A quarter of an hour later, the 'Gate technicians confirmed that the fault was not with the 'Gate, ergo it must be the D.H.D. that had the problem. Bradfield looked around in search of inspiration. His eye alighted on Ash.
"Mr Kirkwood, you're something of a miracle worker with machines, so I've heard. Is it possible that you could fix this?"
"We-ell," Ash began doubtfully, "it's not really my area of expertise, but I'm willing to give it my best shot."
"Good man!" Bradfield beamed.
"I'll need to fetch my toolkit first," Ash smiled with a departing wave. He figured he'd get away with ten minutes before Bachmann blew his top. Although, with the general keeping him on a fairly tight leash...
Fifteen minutes later, he reappeared and got a frosty look from Bachmann. Ignoring it, he laid a dust sheet on th floor around the D.H.D. then set out an impressive array of tools. He would only be using two or three of them, but the display looked good, and setting them out took up time.
He took more time, carefully opening up the D.H.D. and making 'exploratory' pokes around inside.
"Ah," he murmured, "it'll probably work a little better without this!"
Holding it by the tail, he pulled out a dead rat - which he'd caught the previous day - and held it aloft. With the other hand, he discreetly palmed the remains of a remote-controlled detonation cap. "Yes, it seems to have chewed through a couple of wires and caused a short-circuit."
"But how on earth did it manage to get in there?" Bradfield exclaimed.
"No idea, sir," Ash replied, since 'from my pocket, sir' wasn't really an option, "but it should start working again once I've reconnected the wires. Makes a change from a bug in the program."
"What bugs?" Bachmann asked suspiciously.
"Ooh, a praying mantis. It was headless, ergo it was a male. The females bite the heads off their mates."
"Really?" Bachmann squeaked.
"Oh yeah. Worst thing I've had to deal with was a live scorpion."
Bradfield smiled to himself. He should really order Kirkwood to stop winding the Captain up, but he was enjoying the moment.

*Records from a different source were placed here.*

Definition induced_cycle (V : finType) (G : V -> V -> Prop) (n : nat)
    (c : 'I_n -> V) : Prop :=
  injective c /\
  forall i j : 'I_n, i != j ->
    (G (c i) (c j) <-> (j == ordS i) || (i == ordS j)).

From mathcomp Require Import all_boot zify.
Set Implicit Arguments. Unset Strict Implicit. Unset Printing Implicit Defensive.

(* Choose a centroid y of the tree for the six cycle vertices: no branch of
   T - y contains more than three of them.  Then no four consecutive cycle
   vertices lie in one branch, so two opposite cycle edges, or three
   alternate ones, are realised by temporal paths through y.  The start of
   the path that is at y earliest can continue from y along each of the
   others (the pieces are disjoint since the tree has no directed cycle), so
   it reaches a cycle vertex it is not adjacent to on the cycle, which
   contradicts that the cycle is induced. *)

Section OrientedTree.

Variables (V : finType) (A : rel V).
Hypothesis tree_A : oriented_tree A.

Lemma underlying_sym : symmetric (underlying A).
Proof. by move=> x y; rewrite /underlying orbC. Qed.

Lemma sub_underlying : subrel A (underlying A).
Proof. by move=> x y Axy; rewrite /underlying Axy. Qed.

Lemma underlying_neq x y : underlying A x y -> x != y.
Proof.
case: tree_A => irr _ _; apply: contraTneq => ->.
by rewrite /underlying orbb (negbTE (irr y)).
Qed.

Lemma tree_simple_path_edge y z r :
  underlying A y z -> path (underlying A) z (rcons r y) -> uniq (z :: rcons r y) ->
  r = [::].
Proof.
case: tree_A => _ _ [_ _ acyclic] Eyz.
rewrite rcons_path -rcons_cons rcons_uniq => /andP[pzr Ely] /andP[yNzr uzr].
case: r pzr Ely yNzr uzr => [//|r1 r] pzr Ely yNzr uzr.
have uyz : uniq (y :: z :: r1 :: r) by apply/andP.
have pyz : path (underlying A) y (z :: r1 :: r) by apply/andP.
by move/negP: (acyclic y _ uyz isT pyz).
Qed.

Lemma oriented_tree_acyclic x p : path A x p -> p != [::] -> last x p != x.
Proof.
have [irr asym _] := tree_A.
case: p => [//|w q] /= /andP[Axw pwq] _; apply/eqP => qx.
case: (shortenP pwq) qx => p' pwp' uwp' _ lx.
have wx : w != x by apply: contraTneq Axw => ->; rewrite (negbTE (irr x)).
case/lastP: p' pwp' uwp' lx => [_ _ /= /eqP|r v]; first by rewrite (negbTE wx).
rewrite last_rcons => pwr uwr vx; subst v.
have Exw : underlying A x w by rewrite /underlying Axw.
have r0 := tree_simple_path_edge Exw (sub_path sub_underlying pwr) uwr.
by move: pwr; rewrite r0 /= (negbTE (asym _ _ Axw)).
Qed.

Lemma oriented_path_disjoint x p q :
  path A x p -> path A (last x p) q -> ~~ has (mem (x :: p)) q.
Proof.
move=> pxp pq; apply/hasP => -[v vq vp].
case/splitPl: vp pxp pq => p1 p2 lv; rewrite cat_path last_cat lv => /andP[_ pvp2] pq.
case/path.splitP: vq pq => q1 q2; rewrite cat_path => /andP[pq1 _].
have ne : p2 ++ rcons q1 v != [::] by rewrite -size_eq0 size_cat size_rcons addnS.
have := oriented_tree_acyclic (x := v) (p := p2 ++ rcons q1 v).
by rewrite cat_path pvp2 pq1 last_cat last_rcons eqxx => /(_ isT ne).
Qed.

(* [avoid y] is the edge relation of the forest T - y, whose components
   are the branches of T at y. *)
Definition avoid (y : V) : rel V := fun a b => [&& underlying A a b, a != y & b != y].

Definition same_branch (y u v : V) : bool := [&& u != y, v != y & connect (avoid y) u v].

Lemma avoid_sym y : symmetric (avoid y).
Proof. by move=> a b; rewrite /avoid underlying_sym [(a != y) && _]andbC. Qed.

Lemma same_branch_sym y u v : same_branch y u v = same_branch y v u.
Proof. by rewrite /same_branch andbCA (sym_connect_sym (@avoid_sym y)) andbA. Qed.

Lemma same_branch_trans y u v w :
  same_branch y u v -> same_branch y v w -> same_branch y u w.
Proof.
case/and3P=> uy _ cuv /and3P[_ wy cvw].
by rewrite /same_branch uy wy (connect_trans cuv cvw).
Qed.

"But usually," Ash continued, "a bug in the program is just a bit of coding that causes a computer to cease working. The expression comes from an actual dead moth found by an early programmer called Grace Hopper in 1947."
"No that's perfectly true."
"Well, quit stalling! Get on and fix it!"

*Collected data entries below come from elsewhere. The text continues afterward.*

(* In the finite-sum strongly monotone setting below, for any $0<\alpha\le\mu/(5nl^2)$ and $K\ge1$, the GDA iterates satisfy $$\max_{\tau_1,\dots,\tau_K\in\mathbb{S}_n}\|\mathbf{z}^{K+1}_0-\mathbf{z}^*\|^2\le 2e^{-n\alpha\mu K}\|\mathbf{z}_0-\mathbf{z}^*\|^2+\frac{3l^2\sigma_*^2\alpha^3n^3K}{\mu}.$$ Moreover, if $\|\nu(\mathbf{z}_0)\|K/\mu>1$ and $\alpha=\min\{\mu/(5nl^2),\,2\log(\|\nu(\mathbf{z}_0)\|K/\mu)/(\mu nK)\}$, then $$\max_{\tau_1,\dots,\tau_K\in\mathbb{S}_n}\|\mathbf{z}^{K+1}_0-\mathbf{z}^*\|^2\le 2e^{-K/(5\kappa^2)}\|\mathbf{z}_0-\mathbf{z}^*\|^2+\frac{2\mu^2+24\kappa^2\sigma_*^2\log^3(\|\nu(\mathbf{z}_0)\|K/\mu)}{\mu^2K^2}.$$ In particular this applies to the incremental gradient method ($\tau_k=\mathrm{id}$ for all $k$).
   Context: Setting: $n\ge1$; $\omega_1,\dots,\omega_n:\mathbb{R}^d\to\mathbb{R}^d$ are each $l$-Lipschitz (not necessarily monotone), and $\nu=\frac1n\sum_{i=1}^n\omega_i$ is $\mu$-strongly monotone ($\langle\nu(\mathbf{z}_1)-\nu(\mathbf{z}_2),\mathbf{z}_1-\mathbf{z}_2\rangle\ge\mu\|\mathbf{z}_1-\mathbf{z}_2\|^2$), with unique root $\mathbf{z}^*$. $\kappa=l/\mu$ and $\sigma_*^2=\frac1n\sum_{i=1}^n\|\omega_i(\mathbf{z}^* )\|^2$. $\mathbb{S}_n$ is the set of permutations of $[n]$. GDA with permutations $\tau_1,\dots,\tau_K$: $\mathbf{z}^1_0=\mathbf{z}_0$; in epoch $k$, $\mathbf{z}^k_i=\mathbf{z}^k_{i-1}-\alpha\,\omega_{\tau_k(i)}(\mathbf{z}^k_{i-1})$ for $i=1,\dots,n$, and $\mathbf{z}^{k+1}_0=\mathbf{z}^k_n$. The maximum is over all sequences of permutations (adversarial shuffling). *)

From HB Require Import structures.
From mathcomp Require Import all_boot all_order all_algebra.
From mathcomp Require Import fingroup perm.
From mathcomp Require Import all_classical all_reals all_analysis.
Set Implicit Arguments. Unset Strict Implicit. Unset Printing Implicit Defensive.
Import Order.TTheory GRing.Theory Num.Theory.
Local Open Scope ring_scope.

Section GDA.
Variable R : realType.
Variable d : nat.

Definition gda_dot (u v : 'rV[R]_d) : R := \sum_(j < d) u 0 j * v 0 j.
Definition gda_sqnorm (u : 'rV[R]_d) : R := gda_dot u u.
Definition gda_norm (u : 'rV[R]_d) : R := Num.sqrt (gda_sqnorm u).

Definition gda_lipschitz (l : R) (f : 'rV[R]_d -> 'rV[R]_d) : Prop :=
  forall x y, gda_norm (f x - f y) <= l * gda_norm (x - y).

Definition gda_strongly_monotone (mu : R) (f : 'rV[R]_d -> 'rV[R]_d) : Prop :=
  forall x y, gda_dot (f x - f y) (x - y) >= mu * gda_sqnorm (x - y).

Variable n : nat.
Variable omega : 'I_n -> 'rV[R]_d -> 'rV[R]_d.

Definition gda_nu (z : 'rV[R]_d) : 'rV[R]_d := (n%:R)^-1 *: \sum_(i < n) omega i z.

Definition gda_sigma2 (zs : 'rV[R]_d) : R := (n%:R)^-1 * \sum_(i < n) gda_sqnorm (omega i zs).

(* One gda_epoch: z_i = z_{i-1} - alpha * omega_{tau(i)}(z_{i-1}), i = 1..n
   (indices 0..n-1 here, in increasing order). *)
Definition gda_epoch (alpha : R) (tau : 'S_n) (z : 'rV[R]_d) : 'rV[R]_d :=
  foldl (fun w (i : 'I_n) => w - alpha *: omega (tau i) w) z (enum 'I_n).

(* gda alpha taus k z0 = z^{k+1}_0, using permutations taus 0, ..., taus (k-1)
   (taus (k-1) plays the role of tau_k). *)
Fixpoint gda (alpha : R) (taus : nat -> 'S_n) (k : nat) (z0 : 'rV[R]_d) : 'rV[R]_d :=
  match k with
  | 0 => z0
  | k'.+1 => gda_epoch alpha (taus k') (gda alpha taus k' z0)
  end.

End GDA.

Ash managed to spend a good half hour swapping crystals around. He had a mental map of the original arrangement so he could, finally, declare the D.H.D. working again. Bachmann, running true to form, kept butting in with complaints about how long it was taking mixed in with derogatory comments about Ash's abilities and parentage.
Ash stood up and glowered at the captain. "You know, I'd get on a lot quicker if I didn't have so many interruptions. I'm going as fast as I can but you keep breaking my concentration, so I have to start again each time."
"I don't think you have a fucking clue about what you're doing."
At that, Ash grabbed Bachmann's hand and slapped the long-nose pliers he was using into his antagonist's palm. Hard. "You think you can do it better," he snarled, "go ahead! Be my guest!"
Then he strode away, all offended dignity. Bradfield decided it was time to intercede. "Captain Bachmann! My office. Now. And stay there until you're sent for. Airman, retrieve Mr. Kirkwood."
Ash returned, and in approximately the time it would take Bachmann to reach the general's office, he restored the crystals to their correct places, rejoined the snapped wires, wrapped them in insulating tape and put the D.H.D. back together again.
"There, I think that should work," he told the general. "Shall I fetch the captain back, sir."
Bradfield bit back a smile. "That might not be a good idea," he said and despatched the nearest SF instead.
When Bachmann returned, Corporal Roberts was completing the dialing sequence, and Ash had beaten a strategic retreat.
"You're cleared to go, Captain," Bradfield said as the event horizon settled into its usual rippling calm.